Background information
- Born: King Floyd III February 13, 1945 New Orleans, Louisiana, U.S.
- Died: March 6, 2006 (aged 61) Jackson, California, U.S.
- Genres: Soul
- Occupations: Singer; songwriter;
- Years active: 1964–2000
- Labels: Malaco, Atlantic, Chess, TK

= King Floyd =

American singer (1945–2006)

King Floyd (February 13, 1945 – March 6, 2006) was a New Orleans soul singer, best known for his top 10 hit from 1970, "Groove Me".

==Early career==
King Floyd III was born in New Orleans in 1945. His musical career started as a singer at the Sho-Bar on Bourbon Street. Following a stint in the army, Floyd went to California, where he joined up with record producer Harold Battiste. His debut album, A Man in Love, featuring songs co-written with Dr. John, failed to make an impact on the charts. Floyd returned to New Orleans in 1969 and worked for the Post Office.

==Recording success==
In 1970, Wardell Quezergue, an arranger of R&B scores, persuaded Floyd to record "Groove Me" with Malaco Records in Jackson, Mississippi. Jean Knight recorded her hit, "Mr. Big Stuff," in the same sessions.

At first, "Groove Me" was a B-side to another Floyd song, "What Our Love Needs." New Orleans radio DJs started playing "Groove Me" and the song became a local hit. Atlantic Records picked up national distribution of "Groove Me," which topped the United States R&B chart and reached number 6 on the Billboard Hot 100. This disc sold over one million copies, and received a gold disc awarded by the R.I.A.A. in December 1970. Floyd quit his job at the post office to perform a U.S. tour. His follow-up single, "Baby Let Me Kiss You" climbed up to number 29 on the Billboard top 40 charts in 1971.

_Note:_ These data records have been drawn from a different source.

(* For each $\lambda\in K^*$, the algebras $T(\lambda^{-2})$ and $\Sigma(\lambda)$ are isomorphic.
   Context: $K$ is an algebraically closed field; paths composed left to right. For a triangulation quiver $(Q,f)$ (finite connected quiver, $\ge2$ vertices, exactly two arrows start and two end at each vertex, $f$ a permutation of arrows with $s(f(\alpha))=t(\alpha)$, $f^3=\mathrm{id}$), $\bar\alpha$ is the other arrow with source $s(\alpha)$, $g(\alpha)=\overline{f(\alpha)}$, $n_\alpha$ the $g$-orbit length; with weights $m_\alpha$ and parameters $c_\alpha\in K^*$ constant on $g$-orbits, $A_\alpha=\alpha g(\alpha)\cdots g^{m_\alpha n_\alpha-2}(\alpha)$; $\alpha$ virtual if $m_\alpha n_\alpha=2$. The weighted surface algebra is $KQ/I$, $I$ generated by $\alpha f(\alpha)-c_{\bar\alpha}A_{\bar\alpha}$ (all $\alpha$), $\alpha f(\alpha)g(f(\alpha))$ ($f^2(\alpha)$ not virtual), $\alpha g(\alpha)f(g(\alpha))$ ($f(\alpha)$ not virtual). $T(\mu)$ ($\mu\in K^*$): vertices $1,2,3$; arrows $\alpha_1:1\to2,\alpha_2:2\to3,\alpha_3:3\to1,\beta_1:2\to1,\beta_2:3\to2,\beta_3:1\to3$; $f=(\alpha_1\,\alpha_2\,\alpha_3)(\beta_1\,\beta_3\,\beta_2)$; weights $2,2,1$ and parameters $\mu,1,1$ on the $g$-orbits $(\alpha_1\,\beta_1),(\alpha_2\,\beta_2),(\alpha_3\,\beta_3)$. $\Sigma(\lambda)$: vertices $1,2,3$; arrows $\alpha:1\to1$, $\beta:1\to2$, $\gamma:2\to1$, $\sigma:2\to3$, $\delta:3\to2$, $\eta:3\to3$; $f=(\alpha\,\beta\,\gamma)(\eta\,\delta\,\sigma)$ (so $g$-orbits $(\alpha),(\beta\,\sigma\,\delta\,\gamma),(\eta)$); weights $2,1,2$ and parameters $1,\lambda,1$ on these orbits respectively. *)

From HB Require Import structures.
From mathcomp Require Import all_boot all_order all_algebra.
From mathcomp Require Import monalg.
Set Implicit Arguments. Unset Strict Implicit. Unset Printing Implicit Defensive.
Import Order.TTheory GRing.Theory Num.Theory.
Local Open Scope ring_scope.

Inductive gen_ideal (R : pzRingType) (P : R -> Prop) : R -> Prop :=
| gi_gen r : P r -> gen_ideal P r
| gi_0 : gen_ideal P 0
| gi_add x y : gen_ideal P x -> gen_ideal P y -> gen_ideal P (x + y)
| gi_mull a x : gen_ideal P x -> gen_ideal P (a * x)
| gi_mulr x a : gen_ideal P x -> gen_ideal P (x * a).

Definition FreeAlg (K : fieldType) (V A : finType) :=
  {malg K[{fmonom (V + A)%type}]}.

Section PathAlgebra.
Variables (K : fieldType) (V A : finType) (s t : A -> V).
Local Notation F := (FreeAlg K V A).

Definition vtx (v : V) : F := << fmu (inl v : (V + A)%type) >>.
Definition arr (a : A) : F := << fmu (inr a : (V + A)%type) >>.
(* the path a_1 a_2 ... a_k (composed left to right) *)
Definition pth (w : seq A) : F := \prod_(b <- w) arr b.

(* relations presenting the path algebra KQ as a quotient of K<V + A>:
   e_v e_w = delta_{vw} e_v, sum_v e_v = 1, e_{s(a)} a = a = a e_{t(a)} *)
Definition quiver_rel (x : F) : Prop :=
  (exists v w, x = vtx v * vtx w - (v == w)%:R * vtx v)
  \/ x = \sum_v vtx v - 1
  \/ (exists a, x = vtx (s a) * arr a - arr a)
  \/ (exists a, x = arr a * vtx (t a) - arr a).
End PathAlgebra.

Section WSA.
Variables (K : fieldType) (V A : finType) (s t : A -> V) (f : A -> A)
          (m : A -> nat) (c : A -> K).
Local Notation F := (FreeAlg K V A).

Definition bar (a : A) : A := odflt a [pick b | (s b == s a) && (b != a)].
Definition gperm (a : A) : A := bar (f a).
Definition norb (a : A) : nat := order gperm a.
Definition Apath (a : A) : F :=
  pth K V [seq iter i gperm a | i <- iota 0 (m a * norb a - 1)].
Definition virtual (a : A) : bool := m a * norb a == 2.

Definition wsa_rel (x : F) : Prop :=
  quiver_rel s t x
  \/ (exists a, x = arr K V a * arr K V (f a) - c (bar a) *: Apath (bar a))
  \/ (exists a, ~~ virtual (f (f a)) /\
        x = arr K V a * arr K V (f a) * arr K V (gperm (f a)))
  \/ (exists a, ~~ virtual (f a) /\
        x = arr K V a * arr K V (gperm a) * arr K V (f (gperm a))).

(* the ideal of KQ + path-algebra relations; KQ/I = FreeAlg / wsa_ideal *)
Definition wsa_ideal : F -> Prop := gen_ideal wsa_rel.
End WSA.

(* ---------- isomorphism of quotient algebras F1/J1 ~ F2/J2, expressed on
   representatives: algebra maps in both directions that respect the ideals
   and induce mutually inverse maps on the quotients. *)
Definition quot_alg_iso (K : fieldType) (F1 F2 : lalgType K)
    (J1 : F1 -> Prop) (J2 : F2 -> Prop) : Prop :=
  exists (phi : {lrmorphism F1 -> F2}) (psi : {lrmorphism F2 -> F1}),
    [/\ forall x, J1 x -> J2 (phi x),
        forall y, J2 y -> J1 (psi y),
        forall x, J1 (psi (phi x) - x)
      & forall y, J2 (phi (psi y) - y)].

(* ---------- the two concrete algebras; vertices 1,2,3 are 0,1,2 in 'I_3 *)
Definition tab3 (l : seq nat) (i : 'I_6) : 'I_3 := inord (nth 0%N l i).
Definition tab6 (l : seq nat) (i : 'I_6) : 'I_6 := inord (nth 0%N l i).
Definition tabn (l : seq nat) (i : 'I_6) : nat := nth 0%N l i.
Definition tabK (K : fieldType) (l : seq K) (i : 'I_6) : K := nth 1 l i.

(* T(mu): arrows 0..5 = alpha1 alpha2 alpha3 beta1 beta2 beta3 *)
Definition T_s := tab3 [:: 0; 1; 2; 1; 2; 0]%N.
Definition T_t := tab3 [:: 1; 2; 0; 0; 1; 2]%N.
Definition T_f := tab6 [:: 1; 2; 0; 5; 3; 4]%N.   (* (a1 a2 a3)(b1 b3 b2) *)
Definition T_m := tabn [:: 2; 2; 1; 2; 2; 1]%N.   (* orbits (a1 b1),(a2 b2),(a3 b3) *)
Definition T_c (K : fieldType) (mu : K) := tabK [:: mu; 1; 1; mu; 1; 1].
Definition T_ideal (K : fieldType) (mu : K) :=
  wsa_ideal T_s T_t T_f T_m (T_c mu).

(* Sigma(lambda): arrows 0..5 = alpha beta gamma sigma delta eta *)
Definition S_s := tab3 [:: 0; 0; 1; 1; 2; 2]%N.
Definition S_t := tab3 [:: 0; 1; 0; 2; 1; 2]%N.
Definition S_f := tab6 [:: 1; 2; 0; 5; 3; 4]%N.   (* (alpha beta gamma)(eta delta sigma) *)
Definition S_m := tabn [:: 2; 1; 1; 1; 1; 2]%N.   (* orbits (alpha),(beta sigma delta gamma),(eta) *)
Definition S_c (K : fieldType) (lam : K) := tabK [:: 1; lam; lam; lam; lam; 1].
Definition S_ideal (K : fieldType) (lam : K) :=
  wsa_ideal S_s S_t S_f S_m (S_c lam).

(* The
   substitution alpha1 -> beta, alpha2 -> lam^-1 sigma, alpha3 -> delta gamma,
   beta1 -> gamma, beta2 -> delta, beta3 -> lam^-1 beta sigma sends every
   defining relation of T(lam^-2) into the ideal of Sigma(lam), and
   alpha -> alpha1 beta1, beta -> alpha1, gamma -> beta1, sigma -> lam alpha2,
   delta -> beta2, eta -> lam beta2 alpha2 does the converse.  On arrows the two
   composites are the identity up to beta2 beta1 = alpha3, alpha1 alpha2 = beta3
   in T and beta gamma = alpha, delta sigma = eta in Sigma, so they induce
   mutually inverse isomorphisms. *)

From Pilot Require Import Defs.
From HB Require Import structures.
From mathcomp Require Import all_boot all_order all_algebra.
From mathcomp Require Import monalg.
From Stdlib Require Import Setoid Morphisms FunctionalExtensionality.
Set Implicit Arguments. Unset Strict Implicit. Unset Printing Implicit Defensive.
Import GRing.Theory.
Local Open Scope ring_scope.

Section FreeAlgebra.
Variables (K : fieldType) (I : choiceType).
Local Notation F := {malg K[{fmonom I}]}.

Lemma free_scalerAr (k : K) (x y : F) : k *: (x * y) = x * (k *: y).
Proof.
rewrite -!mul_malgC [x]monalgE !mulr_suml mulr_sumr; apply: eq_bigr => m _.
rewrite [RHS]mulrA.
have -> : << x@_m *g m >> * k%:MP = k%:MP * << x@_m *g m >> :> F.
  by rewrite !malgM_def !fgmulUU mulm1 mul1m mulrC.
by rewrite mulrA.
Qed.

Differences with Quezergue emerged and his 1973 follow-up album, Think About It, failed to make a commercial impact. However, Atlantic released a song from the album, "Woman Don't Go Astray," as a single. His 1975 album, Well Done, was released through TK Records with Atlantic distributing. "I Feel Like Dynamite" from the album, written by Larry Hamilton, was released as its single. Reviewing the album in Christgau's Record Guide: Rock Albums of the Seventies (1981), Robert Christgau said, "Floyd's quiet, chocolatey voice—cf. Lee Dorsey, Aaron Neville—is prized by seekers after the New Orleans dispensation, but he's never grooved me without skipping like a cheap bootleg. So I'm pleased to report that side one of his fourth LP, climaxing with the neglected regional hit "I Feel Like Dynamite", provides songs as winsome as the straight-ahead Caribbeanisms (even some reggae) of the New Orleans R&B behind. Location of studio: Jackson, Mississippi."

==Subsequent career==
None of Floyd's subsequent songs achieved the same success, as disco dominated the charts for the remainder of the 1970s. However, Floyd had credits for "Boombastic," recorded in 1995 by Shaggy, which became a big hit. Floyd reunited with Malaco Records in 2000 for the Old Skool Funk album, but it failed to make an impact. However, his song "Don't Leave Me Lonely" was prominently sampled by the Wu-Tang Clan for the song "For Heaven's Sake" on the album Wu-Tang Forever.

==Personal life==
Floyd died on March 6, 2006, of complications of a stroke and diabetes. He was survived by his wife, children, and grandchildren.

==Discography==
===Studio albums===

| Year | Album | Chart positions |  | Label |
| US Pop | US R&B |
| 1969 | A Man in Love | — | — | Pulsar Records |
| 1971 | King Floyd | 130 | 19 | Cotillion/Malaco Records |
| 1973 | Think About It | — | — | ATCO Records |
| 1975 | Well Done | — | — | Chimneyville Records |
| 1977 | Body English | — | — |
| 2000 | "Old Skool Funk" | — | — | Malaco Records |
"—" denotes releases that did not chart.

===Singles===

| Year | Single | Peak chart positions |  |  |
| US Pop | US R&B | CAN |
| 1970 | "Groove Me" | 6 | 1 | 11 |
| "Baby Let Me Kiss You" | 29 | 5 | 69 |
| "Got to Have Your Lovin'" | — | 35 | — |
| 1972 | "Woman Don't Go Astray" | 53 | 3 | — |
| 1973 | "Think About It" | ― | 49 | — |
| "So Much Confusion" | ― | 95 | — |
| 1974 | "I Feel Like Dynamite" | ― | 35 | — |
| "Don't Cry No More" | ― | 96 | — |
| 1975 | "We Can Love" (with Dorothy Moore) | ― | 76 | — |
| 1977 | "Body English" | ― | 25 | — |
"—" denotes releases that did not chart.